* [YOUR ASSIGNMENT]: Lines before the one containing "denotes the cardinality" are to be skipped; reproduce that line and the rest of the records below exactly.

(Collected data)
(* The set $\mathcal{PES}(\mathbb C)$ of perfectly everywhere surjective functions $\mathbb C\to\mathbb C$ is strongly $2^{\mathfrak{c}}$-algebrable in the algebra $\mathbb C^{\mathbb C}$.
   Context: $\mathfrak{c}$ denotes the cardinality of $\mathbb R$. A perfect subset of $\mathbb C$ is a nonempty closed set with no isolated points. A function $f:\mathbb C\to\mathbb C$ is perfectly everywhere surjective if $f(P)=\mathbb C$ for every perfect subset $P\subset\mathbb C$. $\mathbb C^{\mathbb C}$ is the commutative algebra of all functions $\mathbb C\to\mathbb C$ with pointwise operations. A subset $E$ of a commutative algebra $B$ is strongly $\kappa$-algebrable if there exists a set $X=\{x_\alpha:\alpha<\kappa\}\subset B$ of distinct elements such that the set of all monomials $x_{\alpha_1}^{k_1}\cdots x_{\alpha_n}^{k_n}$ ($n\ge1$, distinct $\alpha_i$, $k_i\ge1$) is linearly independent and every nontrivial linear combination of such monomials belongs to $E$ (i.e. $X$ freely generates an algebra contained in $E\cup\{0\}$). *)

From HB Require Import structures.
From mathcomp Require Import all_boot all_order all_algebra.
From mathcomp Require Import all_classical all_reals all_analysis.
From mathcomp Require Import complex.
Set Implicit Arguments. Unset Strict Implicit. Unset Printing Implicit Defensive.
Import Order.TTheory GRing.Theory Num.Theory.
Import numFieldNormedType.Exports.
Local Open Scope classical_set_scope.
Local Open Scope ring_scope.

* [RESPONSE BOX]:
   Context: $\mathfrak{c}$ denotes the cardinality of $\mathbb R$. A perfect subset of $\mathbb C$ is a nonempty closed set with no isolated points. A function $f:\mathbb C\to\mathbb C$ is perfectly everywhere surjective if $f(P)=\mathbb C$ for every perfect subset $P\subset\mathbb C$. $\mathbb C^{\mathbb C}$ is the commutative algebra of all functions $\mathbb C\to\mathbb C$ with pointwise operations. A subset $E$ of a commutative algebra $B$ is strongly $\kappa$-algebrable if there exists a set $X=\{x_\alpha:\alpha<\kappa\}\subset B$ of distinct elements such that the set of all monomials $x_{\alpha_1}^{k_1}\cdots x_{\alpha_n}^{k_n}$ ($n\ge1$, distinct $\alpha_i$, $k_i\ge1$) is linearly independent and every nontrivial linear combination of such monomials belongs to $E$ (i.e. $X$ freely generates an algebra contained in $E\cup\{0\}$). *)

From HB Require Import structures.
From mathcomp Require Import all_boot all_order all_algebra.
From mathcomp Require Import all_classical all_reals all_analysis.
From mathcomp Require Import complex.
Set Implicit Arguments. Unset Strict Implicit. Unset Printing Implicit Defensive.
Import Order.TTheory GRing.Theory Num.Theory.
Import numFieldNormedType.Exports.
Local Open Scope classical_set_scope.
Local Open Scope ring_scope.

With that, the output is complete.